In other words, this had all the markings of political espionage—an effort to find out, through misuse of intelligence-gathering methods, what the opposition was doing and planning. Lake leaves no doubt that this isn’t how things normally are supposed to be done in our government. “Indeed,” he writes, “much about this is highly unusual: if not how the surveillance was collected, then certainly how and why it was disseminated.”

And how does the New York Times play it? It plays it down, way down.

The headline reveals the “alternative facts” sensibility of the paper: “Trump tries to deflect scrutiny on Russia, citing a ‘crooked scheme’ by Obama.”

In other words, the Times sees no significance in what Susan Rice did except insofar as it unleashed another unconscionable and flimsy screed from the president. The paper suggests that the president’s “broadside” accompanied reports “in conservative media” (the alternative media, as the Times apparently views it) about Rice’s activities. The Times lead makes clear that the reporters, Peter Baker and Matthew Rosenberg, will not under any foreseeable circumstances take seriously the questions raised by Bloomberg.

“President Donald Trump,” they write, “sought to turn attention away from the Russia investigation Monday, saying that ‘the real story’ was what he called a ‘crooked scheme against us’ by President Barack Obama’s team to mine U.S. intelligence reports for information about him during last year’s presidential campaign.”

The reporters then inform us that they talked to former national-security officials (presumably Obama people) “who spoke on the condition of anonymity” and described the Rice requests as “normal and justified.” The reporters then helpfully explain, “The process of ‘unmasking’ Americans whose names are redacted in intelligence reports, they said, is not the same thing as leaking them publicly.”

A good thing, too, because leaking them publicly would be illegal. But the Times itself has reported that Obama issued an executive order allowing for much greater distribution of intelligence reports within the national-security apparatus, thus rendering them more likely to be leaked. And the Times also reported that Obama administration officials, in the last days of their tenure, scrambled to ensure that raw intelligence information, which is closely held, was processed into reports that could be more freely disseminated.

The aim, according to the Times, was to ensure that Trump officials couldn’t take control of that information and thus prevent disclosure of evidence related to possible Russian meddling in last year’s presidential election—or worse, cover up proof of collusion between the Trump team and Russia. The Times reported all this breathlessly, giving rise to inevitable suspicions on the part of discerning readers that surely the Times was on to a big story.

But no proof of any such collusion has emerged, which isn’t say it didn’t happen but does suggest perhaps a more measured approach by the Times might be in order.
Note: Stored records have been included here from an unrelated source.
(* Let $M$ be a term of $\ell\Lambda_\infty^{4S}$ and $n\in\mathbb{N}$. If $M\to_n N$ (a reduction step at depth $n$), then $\mathcal{W}_n(M)>\mathcal{W}_n(N)$, and $\mathcal{W}_m(M)=\mathcal{W}_m(N)$ for every $m<n$.
   Context: Preterms: possibly infinite trees generated by $M ::= x \mid MN \mid \lambda x.M \mid \lambda^{\downarrow}x.M \mid \lambda^{\uparrow}x.M \mid \downarrow M \mid \uparrow M$ ($\downarrow M$ inductive box, $\uparrow M$ coinductive box). Patterns: $x,\downarrow x,\uparrow x,\#x,\dagger x$; environments: finite sets of patterns, each variable in at most one; $\Theta,\Xi,\Psi,\Phi$ linear environments (sets of variables) with marked versions $\#\Theta$ etc.; $\Upsilon,\Pi$ environments with only patterns $y$, $\downarrow y$; commas are disjoint unions. A term of $\ell\Lambda_\infty^{4S}$ is a preterm $M$ with $\Gamma\vdash M$ derivable for some $\Gamma$ by: (vl) $\#\Theta,\uparrow\Xi,\dagger\Psi,x\vdash x$; (vd) $\#\Theta,\uparrow\Xi,\dagger\Psi,\#x\vdash x$; (va) $\#\Theta,\uparrow\Xi,\dagger\Psi,\dagger x\vdash x$; (a) from $\Upsilon,\#\Theta,\uparrow\Xi,\dagger\Psi\vdash M$ and $\Pi,\#\Theta,\uparrow\Xi,\dagger\Psi\vdash N$ infer $\Upsilon,\Pi,\#\Theta,\uparrow\Xi,\dagger\Psi\vdash MN$; (ll) $\Gamma,x\vdash M$ gives $\Gamma\vdash\lambda x.M$; (li)$_1$ $\Gamma,\#x\vdash M$ gives $\Gamma\vdash\lambda^\downarrow x.M$; (li)$_2$ $\Gamma,\downarrow x\vdash M$ gives $\Gamma\vdash\lambda^\downarrow x.M$; (lc) $\Gamma,\uparrow x\vdash M$ gives $\Gamma\vdash\lambda^\uparrow x.M$; (mi) from $\Xi,\uparrow\Psi,\dagger\Phi\vdash M$ infer $\#\Theta,\downarrow\Xi,\uparrow\Psi,\dagger\Phi\vdash\downarrow M$; (mc) from $\dagger\Xi,\dagger\Psi\vdash M$ infer $\#\Theta,\uparrow\Xi,\dagger\Psi\vdash\uparrow M$; (mc) coinductive, others inductive (every infinite branch of a derivation contains infinitely many (mc)). Basic reduction: $(\lambda x.M)N\mapsto M[N/x]$, $(\lambda^\downarrow x.M)(\downarrow N)\mapsto M[N/x]$, $(\lambda^\uparrow x.M)(\uparrow N)\mapsto M[N/x]$; $M\to_n N$ iff $M=C[L]$, $N=C[P]$, $L\mapsto P$, where $C$ is a one-hole context whose hole lies inside exactly $n$ coinductive boxes $\uparrow(\cdot)$ (and any number of inductive boxes). $\mathrm{nfo}(x,M)$ = number of free occurrences of $x$ in $M$. For a term $M$ and $k,m\in\mathbb N$, the weight $W^k_m(M)$ is the unique natural number with: $W^k_0(x)=1$, $W^k_0(\downarrow M)=k\cdot W^k_0(M)$, $W^k_0(\uparrow M)=0$, $W^k_0(MN)=W^k_0(M)+W^k_0(N)$, $W^k_0(\lambda x.M)=W^k_0(\lambda^\downarrow x.M)=W^k_0(\lambda^\uparrow x.M)=W^k_0(M)+1$; $W^k_{m+1}(x)=0$, $W^k_{m+1}(\downarrow M)=W^k_{m+1}(M)$, $W^k_{m+1}(\uparrow M)=W^k_m(M)$, $W^k_{m+1}(MN)=W^k_{m+1}(M)+W^k_{m+1}(N)$, $W^k_{m+1}$ of any abstraction of $M$ equals $W^k_{m+1}(M)$. The duplicability factor $D_m(M)$ is the unique natural number with: $D_0(x)=1$, $D_0(\downarrow M)=D_0(M)$, $D_0(\uparrow M)=1$, $D_0(MN)=\max\{D_0(M),D_0(N)\}$, $D_0(\lambda x.M)=D_0(\lambda^\uparrow x.M)=D_0(M)$, $D_0(\lambda^\downarrow x.M)=\max\{\mathrm{nfo}(x,M),D_0(M)\}$; $D_{m+1}(x)=1$, $D_{m+1}(\downarrow M)=D_{m+1}(M)$, $D_{m+1}(\uparrow M)=D_m(M)$, $D_{m+1}(MN)=\max\{D_{m+1}(M),D_{m+1}(N)\}$, $D_{m+1}$ of any abstraction of $M$ equals $D_{m+1}(M)$. Finally $\mathcal{W}_n(M)=W^{D_n(M)}_n(M)$. *)

(* Infinitary linear lambda calculus l-Lambda_infty^{4S},
   presented with de Bruijn indices (index 0 = innermost binder). *)
From Stdlib Require Import Arith List.
Import ListNotations.
Lemma radius_ge_of_rdot_neg s : -T <= s <= 0 ->
  (forall e, s < e < 0 -> u e < 0) -> r 0 <= r s.
Proof.
  intros Hs Hneg. destruct (Req_dec s 0) as [-> | Hs0]; [lra |].
  assert (Hinc : r 0 - r s <= 0 * (0 - s)).
  { apply (increment_le_of_derive_le r u); [lra | |].
    - intros e He. split; [apply is_derive_radius; lra | left; now apply Hneg].
    - apply (continuous_on_subinterval (-T) 0); [lra | lra | exact radius_continuous]. }
  lra.
Qed.

Lemma rdot_backward_bound m : -T <= m <= 0 ->
  (forall s, m < s <= 0 -> u s < 0) ->
  u m <= u 0 + (- m) / (r 0 * r 0).
Proof.
  intros Hm Hneg.
  pose proof (radius_pos 0 ltac:(lra)) as Hr0.
  destruct (Req_dec m 0) as [-> | Hm0].
  { unfold Rdiv. rewrite Ropp_0, Rmult_0_l. lra. }
  assert (Hinc : - / (r 0 * r 0) * (0 - m) <= u 0 - u m).
  { apply (increment_ge_of_derive_ge u radial_accel); [lra | |].
    - intros e He. split; [apply is_derive_rdot; lra |].
      assert (Hre : r 0 <= r e).
      { apply radius_ge_of_rdot_neg; [lra |]. intros s Hs. apply Hneg. lra. }
      assert (/ (r e * r e) <= / (r 0 * r 0)) by (apply Rinv_le_contravar; nra).
      pose proof (radial_accel_ge e ltac:(lra) ltac:(left; apply Hneg; lra)).
      lra.
    - apply (continuous_on_subinterval (-T) 0); [lra | lra | exact rdot_continuous]. }
  unfold Rdiv. lra.
Qed.

Lemma rdot_uniform_bound : u 0 + T / (r 0 * r 0) < 0 ->
  forall t, -T <= t <= 0 -> u t <= u 0 + T / (r 0 * r 0).
Proof.
  intros Hc t Ht.
  pose proof (radius_pos 0 ltac:(lra)) as Hr0.
  assert (Hdrift : forall m, -T <= m <= 0 -> (- m) / (r 0 * r 0) <= T / (r 0 * r 0)).
  { intros m Hm. apply Rmult_le_compat_r; [left; apply Rinv_0_lt_compat; nra | lra]. }
  assert (Hslack : 0 <= T / (r 0 * r 0)) by (apply Rdiv_le_0_compat; nra).
  assert (Hneg : forall t, -T <= t <= 0 -> u t < 0).
  { apply (lt_on_interval_backward u (-T) 0 0 rdot_continuous).
    - lra.
    - intros m Hm Hafter.
      pose proof (rdot_backward_bound m ltac:(lra) Hafter).
      pose proof (Hdrift m ltac:(lra)). lra. }
  pose proof (rdot_backward_bound t Ht ltac:(intros s Hs; apply Hneg; lra)).
  pose proof (Hdrift t Ht). lra.
Qed.

End RadialMotion.

Theorem lemma7p1 (D : R -> R -> R)
  (HDnn : forall a b, (a, b) <> (0, 0) -> 0 <= D a b)
  (HDbd : exists K, forall a b, (a, b) <> (0, 0) -> Rabs (D a b) <= K)
  (HDC1 : C1_punctured D)
  (rB T : R) (HrB : 0 < rB) (HT : 0 < T)
  (x1 x2 v1 v2 : nat -> R -> R)
  (Hsol : forall n, is_solution D T (x1 n) (x2 n) (v1 n) (v2 n))
  (Hr0 : forall n, norm2 (x1 n 0) (x2 n 0) = rB)
  (Hlim : is_lim_seq (fun n => rdot (x1 n) (x2 n) (v1 n) (v2 n) 0) m_infty) :
  forall M : R, exists N : nat, forall n : nat, (N <= n)%nat ->
    forall t : R, -T <= t <= 0 -> rdot (x1 n) (x2 n) (v1 n) (v2 n) t <= - M.
Proof.
  intros M.
  apply is_lim_seq_spec in Hlim.
  destruct (Hlim (- Rabs M - 1 - T / (rB * rB))) as [N HN].
  exists N. intros n Hn t Ht.
  pose proof (HN n Hn) as Hu0.
  pose proof (rdot_uniform_bound D T (x1 n) (x2 n) (v1 n) (v2 n) HDnn (Hsol n)) as Hbound.
  cbv beta in Hbound. rewrite Hr0 in Hbound.
  pose proof (Rle_abs M). pose proof (Rabs_pos M).
  pose proof (Hbound ltac:(lra) t Ht).
  lra.
Qed.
On the other hand, it now has become difficult to ignore this evidence that at least some Obama officials did in fact collect political information on the opposition Trump team. The Wall Street Journal editorial page reports a source’s revelation that Rice “also examined dozens of other intelligence summaries that technically masked Trump official identities but were written in such a way as to make obvious who those officials were.” Thus, says the Journal, the masking was “meaningless.”

In a particularly telling revelation, the Journal also says its source said that “none of these documents had anything to do with Russia or the FBI investigations into ties between Russia and the Trump campaign.” That removes the cover that the Obama people were simply trying to protect the country from that apparent collusion.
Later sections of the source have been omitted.